» WORK TO BE COMPLETED: Starting at the line that holds "- exact: (F1_vklm", set down each line through the end of the listing, exactly as written and with nothing added.

» SUPPLIED RECORDS:
Lemma beta_recursion l m : let b := l2%:Z + m%:Z - l%:Z in
  qnum (b + 1) * beta l.+1 =
  beta l * qnum b + qb q (b + 1) * qnum b * qnum (l1%:Z - 2 * m%:Z - l%:Z + b + 1) - alpha m.
Proof. by rewrite /beta /alpha; qfield. Qed.

Lemma E1_v0 l m : (l <= l2 + m)%N ->
  qb q (l2%:Z + m%:Z - l%:Z + 1) *: E1 (v0 l m) =
  alpha m *: v0 l m.-1 + beta l *: F2 (v0 l.-1 m).
Proof.
elim: l => [_|l IH lt_l].
  rewrite beta0 scale0r [RHS]addr0 /v0 /=.
  rewrite (E_iterF _ (E_v i1) (K1_v : K1 v = q ^ l1%:Z *: v)) scalerA.
  by congr (_ *: _); rewrite /alpha; qfield.
have b_gt0 : 0 < l2%:Z + m%:Z - l%:Z + 1 by lia.
have F1y : alpha m *: F1 (v0 l m.-1) = alpha m *: v0 l m.
  by case: m {IH lt_l b_gt0} => [|m]; rewrite ?F1_v0 // alpha0 !scale0r.
have -> : l2%:Z + m%:Z - l.+1%:Z + 1 = l2%:Z + m%:Z - l%:Z by rewrite intS; ring.
(* z stands for v_{0,l-1,m}, replaced by 0 when l = 0 (where beta l = 0) *)
have step z : weight z (l1%:Z - 2 * m%:Z - l%:Z + 1) (l2%:Z + m%:Z - l%:Z + 1) ->
    beta l *: F3 z = beta l *: v0 l m ->
    qb q (l2%:Z + m%:Z - l%:Z + 1) *: E1 (v0 l m) = alpha m *: v0 l m.-1 + beta l *: F2 z ->
    qb q (l2%:Z + m%:Z - l%:Z) *: E1 (v0 l.+1 m) =
      alpha m *: v0 l.+1 m.-1 + beta l.+1 *: F2 (v0 l m).
  move=> wz F3z E1x.
  exact: E1F3hat_recursion b_gt0 (weight_v0 l m) wz F1y F3z E1x (beta_recursion l m).
move: IH => /(_ (ltnW lt_l)); case: l {lt_l b_gt0 F1y} step => [|l] step IH.
  by apply: step (weight0 _ _) _ _; rewrite beta0 ?scale0r // IH beta0 !scale0r.
apply: step IH; last by [].
have [-> ->] : l1%:Z - 2 * m%:Z - l.+1%:Z + 1 = l1%:Z - 2 * m%:Z - l%:Z /\
               l2%:Z + m%:Z - l.+1%:Z + 1 = l2%:Z + m%:Z - l%:Z by split; rewrite intS; ring.
exact: weight_v0.
Qed.

Lemma weight_vklm k l m :
  weight (w k l m) (l1%:Z - 2 * m%:Z - l%:Z + k%:Z) (l2%:Z + m%:Z - l%:Z - 2 * k%:Z).
Proof. exact: weight_iterF2 (weight_v0 l m). Qed.

Lemma F1_vklm k l m : (l <= l2 + m)%N ->
  F1 (w k l m) = coef_a q l2 k l m *: w k l m.+1 + coef_b q l2 k l m *: w k.-1 l.+1 m.
Proof.
move=> le_l; have b_gt0 : 0 < l2%:Z + m%:Z - l%:Z + 1 by lia.
have qb_neq0' := qb_neq0 b_gt0.
apply: (scalerI (qnum_neq0 b_gt0)).
rewrite /vklm -/(v0 l m) (F1_iterF2_weight k (weight_v0 l m)) F1_v0 scalerDr !scalerA.
rewrite /coef_a /coef_b (_ : l2%:Z + m%:Z + 1 - l%:Z = l2%:Z + m%:Z - l%:Z + 1); last by ring.
rewrite (_ : l2%:Z + m%:Z + 1 - k%:Z - l%:Z = l2%:Z + m%:Z - l%:Z + 1 - k%:Z); last by ring.
by congr (_ *: _ + _ *: _); rewrite /qnum; field; rewrite qb_neq0' q_neq0 q_mulq_sub1_neq0.
Qed.

Lemma E1_vklm k l m : (l <= l2 + m)%N ->
  E1 (w k l m) = coef_alpha q l1 l2 l m *: w k l m.-1 + coef_beta q l1 l2 l m *: w k.+1 l.-1 m.
Proof.
move=> le_l; have lin_iterF2 := is_linear_map_iter k (lin_F i2).
have D_neq0 : qb q (l2%:Z + m%:Z - l%:Z + 1) != 0 by apply: qb_neq0; lia.
have E1_iterF2 x : E1 (iter k F2 x) = iter k F2 (E1 x).
  by elim: k {lin_iterF2} => [|k IH] //=; rewrite E1F2 IH.
rewrite /vklm -/(v0 l m) E1_iterF2 -[E1 (v0 l m)]scale1r -(mulVf D_neq0) -scalerA (E1_v0 le_l).
rewrite (lin_mapZ lin_iterF2) (lin_mapD lin_iterF2) !(lin_mapZ lin_iterF2) -iterSr.
rewrite scalerDr !scalerA /coef_alpha /coef_beta /alpha /beta.
by congr (_ *: _ + _ *: _); field; rewrite D_neq0 q_neq0 q_mulq_sub1_neq0.
Qed.

Lemma E2_vklm k l m : E2 (w k l m) = coef_eta q l2 k l m *: w k.-1 l m.
Proof.
rewrite /vklm -/(v0 l m) (E_iterF k (E2_v0 l m) (weight_v0 l m).2) /coef_eta.
by rewrite (_ : 1 - k%:Z + l2%:Z - l%:Z + m%:Z = l2%:Z + m%:Z - l%:Z - k%:Z + 1); last by ring.
Qed.

End Representation.

Theorem proposition2p4 (C : numClosedFieldType) (q : C) (hq0 : 0 < q) (hq1 : q < 1)
    (V : vectType C) (E F K Ki : 'I_2 -> V -> V) (l1 l2 : nat) (v : V)
    (hrep : is_Uq_su3_rep q E F K Ki)
    (hirr : rep_irreducible E F K Ki)
    (hv0 : v != 0)
    (hE : forall i, E i v = 0)
    (hK1 : K i1 v = q ^+ l1 *: v) (hK2 : K i2 v = q ^+ l2 *: v)
    (k l m : nat) (hm : (m <= l1)%N) (hl : (l <= l2)%N) (hk : (k <= l2 + m - l)%N) :
  let w := vklm q F K Ki v in
  [/\ K i1 (w k l m) = q ^ (l1%:Z + k%:Z - l%:Z - 2 * m%:Z) *: w k l m
    & K i2 (w k l m) = q ^ (l2%:Z - 2 * k%:Z - l%:Z + m%:Z) *: w k l m] /\
  [/\       F i1 (w k l m) = coef_a q l2 k l m *: w k l m.+1
                       + coef_b q l2 k l m *: w k.-1 l.+1 m,
      E i1 (w k l m) = coef_alpha q l1 l2 l m *: w k l m.-1
                       + coef_beta q l1 l2 l m *: w k.+1 l.-1 m,
      F i2 (w k l m) = w k.+1 l m
    & E i2 (w k l m) = coef_eta q l2 k l m *: w k.-1 l m].
Proof.
move=> w; have le_l : (l <= l2 + m)%N by rewrite (leq_trans hl) ?leq_addr.
have [K1w K2w] := weight_vklm hq0 hq1 hrep hK1 hK2 k l m.
split; first by split; [rewrite K1w | rewrite K2w]; congr (q ^ _ *: _); ring.
split=> //.
- exact: (F1_vklm hq0 hq1 hrep hK1 hK2 k le_l).
- exact: (E1_vklm hq0 hq1 hrep hE hK1 hK2 k le_l).
- exact: (E2_vklm hq0 hq1 hrep hE hK1 hK2 k l m).
Qed.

» RESULT OF THIS EXERCISE:
- exact: (F1_vklm hq0 hq1 hrep hK1 hK2 k le_l).
- exact: (E1_vklm hq0 hq1 hrep hE hK1 hK2 k le_l).
- exact: (E2_vklm hq0 hq1 hrep hE hK1 hK2 k l m).
Qed.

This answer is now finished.